What to produce: Produce an exact copy of the lines from the line containing "have -> : i" through the last line of the entries below, and only those lines.

[Opening Source data section]

(* Let $d\ge1$, $M>0$, and let $f:[0,1]^d\to\mathbb{R}$ satisfy $|f(x)-f(y)|\le M\|x-y\|_\infty$ for all $x,y\in[0,1]^d$; let $g(x)=f(x)\bmod 1$. Let $m>1$ be an integer, $x_i=\frac{i-1}{m-1}$ for $i\in[m]$, and for $\mathbf{i}=(i_1,\dots,i_d)\in[m]^d$ let $x_{\mathbf i}=(x_{i_1},\dots,x_{i_d})$; let $\mathcal X=\{x_{\mathbf i}:\mathbf i\in[m]^d\}$. Let $\delta\in[0,1/2]$ and $\hat g:[0,1]^d\to[0,1)$ satisfy $d_w(\hat g(x_{\mathbf i}),g(x_{\mathbf i}))\le\delta$ for all $\mathbf i\in[m]^d$. Define values $\tilde f(x_{\mathbf i})$ for all $\mathbf i\in[m]^d$ by the following sequential procedure: set $\tilde f(x_{(1,\dots,1)})=\hat g(x_{(1,\dots,1)})$ (the corner $(0,\dots,0)$); then for $j=1,\dots,d$, for each $(i_1,\dots,i_{j-1})\in[m]^{j-1}$ (a single empty tuple when $j=1$), with $i_{j+1}=\dots=i_d=1$, and for $i_j=2,\dots,m$ in increasing order, set $$\tilde f(x_{\mathbf i})=\tilde f(x_{\mathbf i-e_j})+\begin{cases}D_j\hat g(x_{\mathbf i}) & \text{if } |D_j\hat g(x_{\mathbf i})|<1/2,\\ 1+D_j\hat g(x_{\mathbf i}) & \text{if } D_j\hat g(x_{\mathbf i})<-1/2,\\ -1+D_j\hat g(x_{\mathbf i}) & \text{if } D_j\hat g(x_{\mathbf i})>1/2,\end{cases}$$ where $\mathbf i=(i_1,\dots,i_j,1,\dots,1)$ and $\mathbf i-e_j=(i_1,\dots,i_j-1,1,\dots,1)$. If $2\delta+\frac{M}{m-1}<\frac12$, then there exists $q^\star\in\mathbb{Z}$ such that $|\tilde f(x_{\mathbf i})+q^\star-f(x_{\mathbf i})|\le\delta$ for all $x_{\mathbf i}\in\mathcal X$.
   Context: For $a\in\mathbb{R}$, $a\bmod1=a-\lfloor a\rfloor\in[0,1)$. The wrap-around distance on $[0,1)$ is $d_w(a,b)=\min(|a-b|,1-|a-b|)$. $[m]=\{1,\dots,m\}$. For a function $h$ on the grid and $\mathbf i\in[m]^d$ with $i_j>1$, $D_jh(x_{\mathbf i})=h(x_{i_1},\dots,x_{i_j},\dots,x_{i_d})-h(x_{i_1},\dots,x_{i_j-1},\dots,x_{i_d})$. The procedure visits every grid point exactly once, each after its predecessor along coordinate $j$ has been assigned. *)

From mathcomp Require Import all_boot all_order all_algebra.
From mathcomp Require Import reals.
Set Implicit Arguments. Unset Strict Implicit. Unset Printing Implicit Defensive.
Import Order.TTheory GRing.Theory Num.Theory.
Local Open Scope ring_scope.

Definition mod1 (R : realType) (a : R) : R := a - (Num.floor a)%:~R.

Definition dw (R : realType) (a b : R) : R := Num.min `|a - b| (1 - `|a - b|).

Definition supnorm (R : realType) (d : nat) (x : 'I_d -> R) : R :=
  \big[Num.max/0]_(k < d) `|x k|.

Definition in_cube (R : realType) (d : nat) (x : 'I_d -> R) : Prop :=
  forall k, 0 <= x k <= 1.

(* grid point x_i, with 0-based index i : 'I_d -> 'I_m, coordinate i_k/(m-1) *)
Definition gridpt (R : realType) (d m : nat) (i : {ffun 'I_d -> 'I_m}) : 'I_d -> R :=
  fun k => (i k)%:R / (m.-1)%:R.

(* Write ghat(x_i) = f(x_i) + k_i + e_i with k_i an integer and |e_i| <= delta.
   Along a step of the procedure, D_j ghat - (k_i - k_(i-e_j)) is within 2 delta
   of D_j f, so it has absolute value at most 2 delta + M/(m-1) < 1/2: the
   integer k_i - k_(i-e_j) is the one nearest to D_j ghat, which is exactly the
   integer the procedure subtracts.  Hence ft(x_i) - ghat(x_i) + k_i takes the
   same integer value k at every grid point, and q* = -k works. *)

From mathcomp Require Import all_boot all_order all_algebra.
From mathcomp Require Import reals ring lra.
Set Implicit Arguments. Unset Strict Implicit. Unset Printing Implicit Defensive.
Import Order.TTheory GRing.Theory Num.Theory.
Local Open Scope ring_scope.

Section Unwrapping.
Variable R : realType.

Definition unwraps (t t' D : R) : Prop :=
  [/\ `|D| < 2^-1 -> t = t' + D,
      D < - 2^-1 -> t = t' + (1 + D)
    & D > 2^-1 -> t = t' + (-1 + D)].

Lemma intr_norm_lt1 (n : int) : `|n%:~R : R| < 1 -> n = 0.
Proof.
rewrite -intr_norm => lt1.
have : `|n| < 1 by rewrite -(ltr_int R).
by case: n {lt1} => [[|p]|p].
Qed.

Lemma dw_mod1_int_near (a b delta : R) : 0 <= a < 1 ->
  dw a (mod1 b) <= delta -> exists k : int, `|a - b - k%:~R| <= delta.
Proof.
move=> /andP[a0 a1]; rewrite /dw /mod1.
have fl := floor_le b; have fu := floorD1_gt b; rewrite intrD in fu.
set c := (Num.floor b)%:~R in fl fu *.
rewrite ge_min => /orP[near|wrapped].
  exists (- Num.floor b); rewrite intrN -/c opprK.
  by move: near; congr (_ <= _); congr `|_|; ring.
have [pos|neg] := leP 0 (a - (b - c)).
- rewrite ger0_norm // in wrapped.
  exists (- Num.floor b + 1); rewrite intrD intrN -/c ler_norml; apply/andP; split; lra.
- rewrite ltr0_norm // in wrapped.
  exists (- Num.floor b - 1); rewrite intrD !intrN -/c ler_norml; apply/andP; split; lra.
Qed.

Lemma unwraps_nearest (t t' D : R) (n : int) :
  `|D| < 1 -> `|D - n%:~R| < 2^-1 -> unwraps t t' D -> t = t' + (D - n%:~R).
Proof.
rewrite !ltr_norml => /andP[D1 D2] /andP[n1 n2] [small below above].
have [Dlo|Dge] := ltrP D (- 2^-1).
  have /eqP : n + 1 = 0.
    by apply: intr_norm_lt1; rewrite intrD ltr_norml; apply/andP; split; lra.
  rewrite addr_eq0 => /eqP->; rewrite below // intrN opprK; ring.
have [Dhi|Dle] := ltrP (2^-1) D.
  have /eqP : n - 1 = 0.
    by apply: intr_norm_lt1; rewrite intrB ltr_norml; apply/andP; split; lra.
  rewrite subr_eq0 => /eqP->; rewrite above //; ring.
have n0 : n = 0 by apply: intr_norm_lt1; rewrite ltr_norml; apply/andP; split; lra.
rewrite n0 subr0 in n1 n2 *; rewrite small // ltr_norml; apply/andP; split; lra.
Qed.

Lemma unwraps_int_invariant (t t' a a' b b' delta e : R) (k k' : int) :
  0 <= a < 1 -> 0 <= a' < 1 ->
  `|a - b - k%:~R| <= delta -> `|a' - b' - k'%:~R| <= delta ->
  `|b - b'| <= e -> 2 * delta + e < 2^-1 ->
  unwraps t t' (a - a') -> t - a + k%:~R = t' - a' + k'%:~R.
Proof.
move=> /andP[a0 a1] /andP[a0' a1'] hk hk' hb small /unwraps_nearest step.
move: hk hk' hb; rewrite !ler_norml => /andP[? ?] /andP[? ?] /andP[? ?].
rewrite (step (k - k')); first by rewrite intrB; ring.
- by rewrite ltr_norml; apply/andP; split; lra.
- by rewrite intrB ltr_norml; apply/andP; split; lra.
Qed.

End Unwrapping.

Section Grid.
Variables (R : realType) (d m : nat).
Implicit Types i : {ffun 'I_d -> 'I_m}.

Lemma gridpt_in_cube i : in_cube (gridpt R i).
Proof.
move=> k; rewrite /gridpt divr_ge0 //=.
have [->|m1_gt0] := posnP m.-1; first by rewrite invr0 mulr0.
rewrite ler_pdivrMr ?ltr0n // mul1r ler_nat -ltnS prednK ?ltn_ord //.
exact: leq_trans m1_gt0 (leq_pred m).
Qed.

Lemma supnorm_gridpt_step (j : 'I_d) i i' :
  i j = (i' j).+1 :> nat -> (forall k, k != j -> i' k = i k) ->
  supnorm (fun k => gridpt R i k - gridpt R i' k) <= (m.-1)%:R^-1.
Proof.
move=> ij i'k; apply: bigmax_le => [|k _]; first by rewrite invr_ge0.
rewrite /gridpt -mulrBl; have [->|kj] := eqVneq k j.
  by rewrite ij -addn1 natrD addrAC subrr add0r mul1r ger0_norm // invr_ge0.
by rewrite i'k // subrr mul0r normr0 invr_ge0.
Qed.

Lemma grid_scan_ind (P : {ffun 'I_d -> 'I_m} -> Prop) :
  (forall i, (forall k, i k = 0 :> nat) -> P i) ->
  (forall (j : 'I_d) i i', (forall k : 'I_d, (j < k)%N -> i k = 0 :> nat) ->
     i j = (i' j).+1 :> nat -> (forall k, k != j -> i' k = i k) -> P i' -> P i) ->
  forall i, P i.
Proof.
move=> corner step i; have [n] := ubnP (\sum_k (i k : nat)).
elim: n i => // n IH i lt_n.
have [/existsP[k0 nz0]|/existsPn zero] := boolP [exists k, (i k : nat) != 0%N]; last first.
  by apply: corner => k; apply/eqP; rewrite -[_ == _]negbK zero.
have [j nzj jmax] := @arg_maxnP _ k0 (fun k => (i k : nat) != 0%N) val nz0.
pose p := Ordinal (leq_ltn_trans (leq_pred (i j)) (ltn_ord (i j))).
pose i' := [ffun k => if k == j then p else i k].
have ij : i j = (i' j).+1 :> nat by rewrite ffunE eqxx /= prednK // lt0n.
have i'k k : k != j -> i' k = i k by rewrite ffunE => /negbTE->.
apply: (step j i i') => //.
  by move=> k jk; apply/eqP; apply: contraTT jk => /jmax; rewrite -leqNgt.
apply: IH; rewrite (bigD1 j) //= (eq_bigr (fun k => i k : nat)) => [|k /i'k -> //].
by move: lt_n; rewrite (bigD1 j) //= ij addSn ltnS.
Qed.

End Grid.

Theorem mainTheorem4 (R : realType) (d m : nat) (M delta : R)
  (f ghat : ('I_d -> R) -> R) (ft : {ffun 'I_d -> 'I_m} -> R) :
  (0 < d)%N -> 0 < M ->
  (forall x y, in_cube x -> in_cube y ->
     `|f x - f y| <= M * supnorm (fun k => x k - y k)) ->
  (1 < m)%N ->
  0 <= delta <= 2^-1 ->
  (forall x, in_cube x -> 0 <= ghat x < 1) ->
  (forall i : {ffun 'I_d -> 'I_m}, dw (ghat (gridpt R i)) (mod1 (f (gridpt R i))) <= delta) ->
  (* the procedure: corner *)
  (forall i : {ffun 'I_d -> 'I_m}, (forall k, i k = 0 :> nat) ->
     ft i = ghat (gridpt R i)) ->
  (* the procedure: step along coordinate j, from i' = i - e_j to i,
     where i = (i_1,..,i_j,1,..,1) with i_j > 1 *)
  (forall (j : 'I_d) (i i' : {ffun 'I_d -> 'I_m}),
     (forall k : 'I_d, (j < k)%N -> i k = 0 :> nat) ->
     (i j = (i' j).+1 :> nat) ->
     (forall k, k != j -> i' k = i k) ->
     let D := ghat (gridpt R i) - ghat (gridpt R i') in
     [/\ `|D| < 2^-1 -> ft i = ft i' + D,
         D < - 2^-1 -> ft i = ft i' + (1 + D)
       & D > 2^-1 -> ft i = ft i' + (-1 + D)]) ->
  2 * delta + M / (m.-1)%:R < 2^-1 ->
  exists q : int, forall i : {ffun 'I_d -> 'I_m}, `|ft i + q%:~R - f (gridpt R i)| <= delta.
Proof.
move=> _ M_gt0 lipf m_gt1 _ ghat01 ghat_near corner step small.
have ghat01_grid (i : {ffun 'I_d -> 'I_m}) := ghat01 _ (gridpt_in_cube R i).
have /fin_all_exists[n near] : forall i : {ffun 'I_d -> 'I_m},
    exists n : int, `|ghat (gridpt R i) - f (gridpt R i) - n%:~R| <= delta.
  by move=> i; exact: dw_mod1_int_near (ghat01_grid i) (ghat_near i).
pose o : {ffun 'I_d -> 'I_m} := [ffun=> Ordinal (ltnW m_gt1)].
suff inv i : ft i - ghat (gridpt R i) + (n i)%:~R = (n o)%:~R.
  exists (- n o) => i; rewrite intrN -(inv i).
  by move: (near i); congr (_ <= _); congr `|_|; ring.
elim/grid_scan_ind: i => [i zero | j i i' j_last ij i'k <-].
  have -> : i = o by apply/ffunP => k; apply/val_inj; rewrite ffunE /= zero.
  by rewrite corner ?subrr ?add0r // => k; rewrite ffunE.
apply: unwraps_int_invariant (ghat01_grid i) (ghat01_grid i') (near i) (near i') _ small _.
  apply: le_trans (lipf _ _ (gridpt_in_cube R i) (gridpt_in_cube R i')) _.
  by rewrite ler_wpM2l ?(ltW M_gt0) // (supnorm_gridpt_step _ ij).
exact: step j i i' j_last ij i'k.
Qed.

[Closing Source data section]

Response:
  have -> : i = o by apply/ffunP => k; apply/val_inj; rewrite ffunE /= zero.
  by rewrite corner ?subrr ?add0r // => k; rewrite ffunE.
apply: unwraps_int_invariant (ghat01_grid i) (ghat01_grid i') (near i) (near i') _ small _.
  apply: le_trans (lipf _ _ (gridpt_in_cube R i) (gridpt_in_cube R i')) _.
  by rewrite ler_wpM2l ?(ltW M_gt0) // (supnorm_gridpt_step _ ij).
exact: step j i i' j_last ij i'k.
Qed.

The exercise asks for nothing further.